L’ANPPIA
aderisce alla manifestazione nazionale del 7 giugno per fermare il massacro del popolo palestinese e invita ad andare alle urne e a votare Sì nei referendum abrogativi dell’8 e 9 giugno.
L’ANPPIA, l’Associazione nazionale perseguitati politici anti-fascisti, aderisce alla manifestazione di sabato 7 giugno per fermare il massacro del popolo palestinese e i crimini di guerra e contro l’umanità compiuti dal governo Netanyahu nella Striscia di Gaza.
Ferma restando la risoluta condanna dei crimini terroristici del 7 ottobre 2023 e il rifiuto di qualsiasi rigurgito anti-semita, l’ANPPIA è impegnata nella ricerca della pace: chiede che gli aiuti umanitari possano raggiungere la popolazione palestinese attraverso le organizzazioni delle Nazioni Unite e quante operano in sintonia con esse ed è convinta che solo l’opzione dei due Stati, ciascuno sicuro all’interno dei propri confini, possa garantire una soluzione equa e duratura del conflitto fra Israele e palestinesi.

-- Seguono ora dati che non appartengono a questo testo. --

(* Let $R$ be a hyperring. The following are equivalent: (i) $Spec(R)$ with the Zariski topology is a $T_1$-space; (ii) $\dim(R)=0$, i.e. there are no prime hyperideals $P\subsetneq Q$ of $R$ (equivalently every prime hyperideal is maximal); (iii) $Spec(R)$ is a Hausdorff space.
   Context: Standing conventions. A hyperring means a commutative Krasner hyperring with identity: a set $R$ with a hyperoperation $+:R\times R\to\mathcal P^*(R)$ (nonempty subsets; for subsets $A,B$ one sets $A+B=\bigcup_{a\in A,b\in B}a+b$) and a binary operation $\cdot$ such that: $+$ is associative and commutative; there is $0\in R$ with $0+x=\{x\}$ for all $x$; every $x$ has a unique $-x$ with $0\in x+(-x)$; $z\in x+y$ implies $y\in -x+z$ and $x\in z-y$; $(R,\cdot)$ is a commutative monoid with identity $1$; $0\cdot x=0$; and $x(y+z)=xy+xz$. A hyperideal of $R$ is a nonempty $I\subseteq R$ with $a-b\subseteq I$ and $ra\in I$ for all $a,b\in I$, $r\in R$. A proper hyperideal $P$ is prime if $ab\in P$ implies $a\in P$ or $b\in P$; maximal hyperideals are defined as usual. $Spec(R)$ is the set of prime hyperideals of $R$; for $S\subseteq R$, $V(S)=\{P\in Spec(R): S\subseteq P\}$. The Zariski topology on $Spec(R)$ is the topology whose closed sets are the sets $V(I)$, $I$ a hyperideal of $R$. *)

(** Commutative Krasner hyperring with identity.
    [hadd x y z] means  z \in x + y. *)
Record hyperring := HyperRing {
  carrier :> Type;
  hadd : carrier -> carrier -> carrier -> Prop;
  hmul : carrier -> carrier -> carrier;
  hzero : carrier;
  hone : carrier;
  hneg : carrier -> carrier;
  hadd_nonempty : forall x y, exists z, hadd x y z;
  hadd_assoc : forall x y z w,
    (exists u, hadd x y u /\ hadd u z w) <-> (exists v, hadd y z v /\ hadd x v w);
  hadd_comm : forall x y z, hadd x y z <-> hadd y x z;
  hadd_0 : forall x y, hadd hzero x y <-> y = x;
  hadd_neg : forall x, hadd x (hneg x) hzero;
  hneg_unique : forall x y, hadd x y hzero -> y = hneg x;
  hadd_rev : forall x y z, hadd x y z -> hadd (hneg x) z y /\ hadd z (hneg y) x;
  hmul_assoc : forall x y z, hmul x (hmul y z) = hmul (hmul x y) z;
  hmul_comm : forall x y, hmul x y = hmul y x;
  hmul_1 : forall x, hmul hone x = x;
  hmul_0 : forall x, hmul hzero x = hzero;
  hmul_distr : forall x y z w,
    (exists u, hadd y z u /\ w = hmul x u) <-> hadd (hmul x y) (hmul x z) w
}.

Section HyperIdeals.
Variable R : hyperring.

Definition hyperideal (I : R -> Prop) : Prop :=
  (exists a, I a) /\
  (forall a b c, I a -> I b -> hadd R a (hneg R b) c -> I c) /\
  (forall r a, I a -> I (hmul R r a)).

Definition proper (I : R -> Prop) : Prop := exists x, ~ I x.

Definition prime_hyperideal (P : R -> Prop) : Prop :=
  hyperideal P /\ proper P /\
  (forall a b, P (hmul R a b) -> P a \/ P b).

(** Points of Spec(R) are the prime hyperideals (as subsets of R);
    two points are equal iff they have the same elements. *)
Definition same_set (P Q : R -> Prop) : Prop := forall x, P x <-> Q x.

Definition V (S : R -> Prop) (P : R -> Prop) : Prop :=
  prime_hyperideal P /\ forall x, S x -> P x.

(** A set of points is represented by a
    predicate on subsets of R, only its values on prime hyperideals matter. *)
Definition zariski_open (U : (R -> Prop) -> Prop) : Prop :=
  exists I, hyperideal I /\
    forall P, prime_hyperideal P -> (U P <-> ~ V I P).

Definition spec_T1 : Prop :=
  forall P Q, prime_hyperideal P -> prime_hyperideal Q -> ~ same_set P Q ->
    exists U, zariski_open U /\ U P /\ ~ U Q.

Definition spec_hausdorff : Prop :=
  forall P Q, prime_hyperideal P -> prime_hyperideal Q -> ~ same_set P Q ->
    exists U W, zariski_open U /\ zariski_open W /\ U P /\ W Q /\
      forall X, prime_hyperideal X -> ~ (U X /\ W X).

Definition krull_dim_zero : Prop :=
  ~ exists P Q, prime_hyperideal P /\ prime_hyperideal Q /\
      (forall x, P x -> Q x) /\ ~ same_set P Q.

End HyperIdeals.

From Stdlib Require Import Classical.
From Corelib Require Import ssreflect ssrbool.
From mathcomp Require classical_sets.

(* The Zariski closed sets V(I) are upward closed, so a prime can never be
   separated from a prime it is contained in: T1 forces dimension zero, and
   Hausdorff implies T1.  Conversely, in dimension zero an element a of a
   prime P has a power a^n killed by some s outside P (otherwise an ideal
   maximal among those avoiding the multiplicative set {s a^n | s \notin P}
   would be a prime strictly inside P).  For distinct primes P, Q pick
   a \in P \ Q; then D(s) and D(a) separate P and Q, since any prime in both
   would contain s a^n = 0 but neither s nor a. *)

Section HyperringArithmetic.
Context {R : hyperring}.

Lemma hmulr0 (x : R) : hmul R x (hzero R) = hzero R.
Proof. by rewrite hmul_comm hmul_0. Qed.

Lemma hmulr1 (x : R) : hmul R x (hone R) = x.
Proof. by rewrite hmul_comm hmul_1. Qed.

Lemma hneg0 : hneg R (hzero R) = hzero R.
Proof. by symmetry; apply: hneg_unique; apply/hadd_0. Qed.

Lemma hmulNr (x y : R) : hmul R (hneg R x) y = hneg R (hmul R x y).
Proof.
rewrite (hmul_comm R _ y) (hmul_comm R x y); apply: hneg_unique.
rewrite -(hmulr0 y); apply/hmul_distr.
by exists (hzero R); split; [apply: hadd_neg |].
Qed.

Lemma hmulACA (a b c d : R) :
  hmul R (hmul R a b) (hmul R c d) = hmul R (hmul R a c) (hmul R b d).
Proof.
by rewrite -!hmul_assoc (hmul_assoc R b c d) (hmul_comm R b c) -hmul_assoc.
Qed.

Fixpoint hpow (a : R) (n : nat) : R :=
  if n is S n' then hmul R a (hpow a n') else hone R.

Lemma hpowD (a : R) (n m : nat) :
  hmul R (hpow a n) (hpow a m) = hpow a (n + m).
Proof. by elim: n => [|n IHn] /=; rewrite ?hmul_1 // -hmul_assoc IHn. Qed.

End HyperringArithmetic.

Section Hyperideals.
Context {R : hyperring}.
Implicit Types (I M P : R -> Prop) (a s y : R).

Definition principal s : R -> Prop := fun z => exists r, z = hmul R r s.

Definition colon M y : R -> Prop := fun z => M (hmul R z y).

Lemma hyperideal0 {I} : hyperideal R I -> I (hzero R).
Proof. by case=> [[a Ia] [_ scaleI]]; rewrite -(hmul_0 R a); apply: scaleI. Qed.

Lemma hyperideal_principal s : hyperideal R (principal s).
Proof.
split; [|split].
- by exists s, (hone R); rewrite hmul_1.
- move=> _ _ c [r1 ->] [r2 ->]; rewrite -hmulNr (hmul_comm R r1) (hmul_comm R _ s).
  by case/hmul_distr=> u [_ ->]; exists u; rewrite hmul_comm.
- by move=> r _ [r' ->]; exists (hmul R r r'); rewrite hmul_assoc.
Qed.

Lemma hyperideal_colon M y : hyperideal R M -> hyperideal R (colon M y).
Proof.
move=> IM; have [_ [subM scaleM]] := IM; split; [|split].
- by exists (hzero R); rewrite /colon hmul_0; apply: hyperideal0.
- move=> z1 z2 c Mz1 Mz2 Hc.
  have Hd : hadd R (hmul R y z1) (hmul R y (hneg R z2)) (hmul R y c).
    by apply/hmul_distr; exists c.
  rewrite (hmul_comm R y (hneg R z2)) hmulNr !(hmul_comm R y) in Hd.
  exact: subM Hd.
- by move=> r z Mz; rewrite /colon -hmul_assoc; apply: scaleM.
Qed.

Lemma subset_colon M y : hyperideal R M -> forall z, M z -> colon M y z.
Proof. by move=> [_ [_ scaleM]] z Mz; rewrite /colon hmul_comm; apply: scaleM. Qed.

Lemma prime_not1 P : prime_hyperideal R P -> ~ P (hone R).
Proof.
by move=> [[_ [_ scaleP]] [[x Px] _]] P1; apply: Px; rewrite -(hmulr1 x); apply: scaleP.
Qed.

Lemma prime_hpow {P a n} : prime_hyperideal R P -> P (hpow a n) -> P a.
Proof.
move=> PP; elim: n => [|n IHn] /= Pan.
  by case: (prime_not1 _ PP).
by case: (proj2 (proj2 PP) _ _ Pan) => //; apply: IHn.
Qed.

Lemma V_principal {P s} : prime_hyperideal R P -> V R (principal s) P <-> P s.
Proof.
move=> PP; split=> [[_ sP] | Ps]; first by apply: sP; exists (hone R); rewrite hmul_1.
by split=> // _ [r ->]; apply: (proj2 (proj2 (proj1 PP))).
Qed.

End Hyperideals.

Section MaximalDisjoint.
Context {R : hyperring} (S : R -> Prop).

Definition mult_closed : Prop :=
  S (hone R) /\ forall x y, S x -> S y -> S (hmul R x y).

Definition maximal_disjoint (M : R -> Prop) : Prop :=
  hyperideal R M /\ (forall x, M x -> ~ S x) /\
  forall N, hyperideal R N -> (forall x, N x -> ~ S x) ->
    (forall x, M x -> N x) -> forall x, N x -> M x.

(* Zorn is applied to the possibly empty sets closed under subtraction and
   scaling, so that the union of the empty chain needs no special case. *)
Lemma exists_maximal_disjoint : ~ S (hzero R) -> exists M, maximal_disjoint M.
Proof.
move=> nS0.
pose G (I : R -> Prop) :=
  [/\ forall a b c, I a -> I b -> hadd R a (hneg R b) c -> I c,
      forall r a, I a -> I (hmul R r a) & forall x, I x -> ~ S x].
have G0 : G (fun x => x = hzero R).
  split=> [a b c -> -> | r a -> | x ->] //; last exact: hmulr0.
  by rewrite hneg0 => /hadd_0.
have [A [[subA scaleA disjA] maxA]] : exists A, G A /\
    forall B, classical_sets.proper A B -> ~ G B.
  apply: classical_sets.Zorn_bigcup => F FG Ftot; split.
  - move=> a b c [X FX Xa] [Y FY Yb] Hc.
    have [XY | YX] := Ftot X Y FX FY.
      by exists Y => //; case: (FG Y FY) => subY _ _; apply: subY Hc; [apply: XY|].
    by exists X => //; case: (FG X FX) => subX _ _; apply: subX Hc; [|apply: YX].
  - by move=> r a [X FX Xa]; exists X => //; case: (FG X FX) => _ scaleX _; apply: scaleX.
  - by move=> x [X FX Xx]; case: (FG X FX) => _ _; apply.
have A_nonempty : exists a, A a.
  apply: NNPP => noA; apply: (maxA _ _ G0); split=> [x Ax | sub0A].
    by case: noA; exists x.
  by apply: noA; exists (hzero R); apply: sub0A.
exists A; split; first by split=> //; split.
split=> // N [_ [subN scaleN]] disjN AN x Nx.
apply: NNPP => nAx; apply: (maxA N); last by [].
by split=> // NA; apply/nAx/NA.
Qed.

Lemma maximal_disjoint_prime M :
  mult_closed -> maximal_disjoint M -> prime_hyperideal R M.
Proof.
move=> [S1 mulS] [IM [disjM maxM]]; split; [done | split].
  by exists (hone R) => M1; apply: (disjM _ M1).
move=> x y Mxy; case: (classic (M x)) => [| nMx]; [by left | right].
(* M : y would be a larger ideal avoiding S, so it meets S in some t;
   M : t avoids S because S is multiplicative, hence equals M and holds y. *)
have [t [St Mty]] : exists t, S t /\ colon M y t.
  apply: NNPP => nmeet; apply/nMx/(maxM (colon M y)) => //.
  - exact: hyperideal_colon.
  - by move=> z Mzy Sz; apply: nmeet; exists z.
  - exact: subset_colon.
apply: (maxM (colon M t)) => //.
- exact: hyperideal_colon.
- by move=> z Mzt Sz; apply: (disjM _ Mzt); apply: mulS.
- exact: subset_colon.
- by rewrite /colon hmul_comm.
Qed.

End MaximalDisjoint.

Section KrullDimensionZero.
Variable R : hyperring.
Implicit Types (I P Q : R -> Prop) (a : R).

Lemma same_set_sym {P Q} : same_set R P Q -> same_set R Q P.
Proof. by move=> PQ x; split=> /PQ. Qed.

Lemma krull_dim_zero_same_set {P Q} :
  krull_dim_zero R -> prime_hyperideal R P -> prime_hyperideal R Q ->
  (forall x, P x -> Q x) -> same_set R P Q.
Proof. by move=> dim0 PP PQ PsubQ; apply: NNPP => nPQ; apply: dim0; exists P, Q. Qed.

Lemma krull_dim_zero_pow_annihilated {P a} :
  krull_dim_zero R -> prime_hyperideal R P -> P a ->
  exists s n, ~ P s /\ hmul R s (hpow a n) = hzero R.
Proof.
move=> dim0 PP Pa; apply: NNPP => no_annihilator.
pose S t := exists s n, ~ P s /\ t = hmul R s (hpow a n).
have S_mult : mult_closed S.
  split; first by exists (hone R), 0; split; [exact: prime_not1 | rewrite hmul_1].
  move=> _ _ [s [n [nPs ->]]] [s' [m [nPs' ->]]].
  exists (hmul R s s'), (n + m); rewrite hmulACA hpowD; split=> //.
  by case/(proj2 (proj2 PP)).
have nS0 : ~ S (hzero R).
  by move=> [s [n [nPs E]]]; apply: no_annihilator; exists s, n.
have [M maxM] := exists_maximal_disjoint _ nS0.
have [_ [disjM _]] := maxM.
have MsubP : forall x, M x -> P x.
  by move=> x Mx; apply: NNPP => nPx; apply: (disjM x Mx); exists x, 0; rewrite /= hmulr1.
have nMa : ~ M a.
  by move=> Ma; apply: (disjM a Ma); exists (hone R), 1; split;
    [exact: prime_not1 | rewrite /= hmulr1 hmul_1].
have MP := krull_dim_zero_same_set dim0 (maximal_disjoint_prime _ _ S_mult maxM) PP MsubP.
by apply/nMa/MP.
Qed.

Lemma zariski_open_compl_V I : hyperideal R I -> zariski_open R (fun X => ~ V R I X).
Proof. by move=> II; exists I. Qed.

Lemma zariski_open_subset {U P Q} :
  zariski_open R U -> prime_hyperideal R P -> prime_hyperideal R Q ->
  (forall x, P x -> Q x) -> U Q -> U P.
Proof.
move=> [I [_ UI]] PP PQ PsubQ UQ; apply/UI => // -[_ IsubP].
by apply: (proj1 (UI Q PQ) UQ); split=> // x /IsubP /PsubQ.
Qed.

Lemma spec_T1_krull_dim_zero : spec_T1 R -> krull_dim_zero R.
Proof.
move=> T1 [P [Q [PP [PQ [PsubQ nPQ]]]]].
have [U [openU [UQ nUP]]] := T1 Q P PQ PP (fun QP => nPQ (same_set_sym QP)).
exact: nUP (zariski_open_subset openU PP PQ PsubQ UQ).
Qed.

Lemma krull_dim_zero_spec_T1 : krull_dim_zero R -> spec_T1 R.
Proof.
move=> dim0 P Q PP PQ nPQ; exists (fun X => ~ V R Q X); split.
  exact/zariski_open_compl_V/(proj1 PQ).
split=> [[_ QsubP] | ]; last by apply.
exact/nPQ/same_set_sym/(krull_dim_zero_same_set dim0 PQ PP QsubP).
Qed.

Lemma krull_dim_zero_spec_hausdorff : krull_dim_zero R -> spec_hausdorff R.
Proof.
move=> dim0 P Q PP PQ nPQ.
have [a [Pa nQa]] : exists a, P a /\ ~ Q a.
  apply: NNPP => nPQa; apply: nPQ; apply: krull_dim_zero_same_set => // x Px.
  by apply: NNPP => nQx; apply: nPQa; exists x.
have [s [n [nPs sa0]]] := krull_dim_zero_pow_annihilated dim0 PP Pa.
exists (fun X => ~ V R (principal s) X), (fun X => ~ V R (principal a) X).
split; first exact/zariski_open_compl_V/hyperideal_principal.
split; first exact/zariski_open_compl_V/hyperideal_principal.
split; first by move/(V_principal PP).
split; first by move/(V_principal PQ).
move=> X PX [nVs nVa].
have X0 : X (hmul R s (hpow a n)) by rewrite sa0; exact: hyperideal0 (proj1 PX).
case: (proj2 (proj2 PX) _ _ X0) => [Xs | Xan].
  exact/nVs/(V_principal PX).
exact: nVa (proj2 (V_principal PX) (prime_hpow PX Xan)).
Qed.

Lemma spec_hausdorff_T1 : spec_hausdorff R -> spec_T1 R.
Proof.
move=> T2 P Q PP PQ nPQ; have [U [W [openU [_ [UP [WQ disjUW]]]]]] := T2 P Q PP PQ nPQ.
by exists U; split=> //; split=> // UQ; apply: (disjUW Q PQ).
Qed.

End KrullDimensionZero.

Theorem mainTheorem9 (R : hyperring) :
  (spec_T1 R <-> krull_dim_zero R) /\ (krull_dim_zero R <-> spec_hausdorff R).
Proof.
split; split.
- exact: spec_T1_krull_dim_zero.
- exact: krull_dim_zero_spec_T1.
- exact: krull_dim_zero_spec_hausdorff.
- by move=> T2; apply/spec_T1_krull_dim_zero/spec_hausdorff_T1.
Qed.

In vista dei cinque referendum abrogativi dell’8 e 9 giugno, l’ANPPIA auspica, in primo luogo, che tutti i cittadini esprimano con il voto la loro posizione, esercitando un diritto di scelta democratico che è anche un dovere civico e in difesa del quale i perseguitati politici anti-fascisti si batterono fino al confino, al carcere, alla morte.
In secondo luogo, l’ANNPIA sostiene i quesiti referendari, per la dignità e la sicurezza del lavoro e per l’estensione del diritto di cittadinanza a quanti da cinque anni risiedono e lavorano in Italia.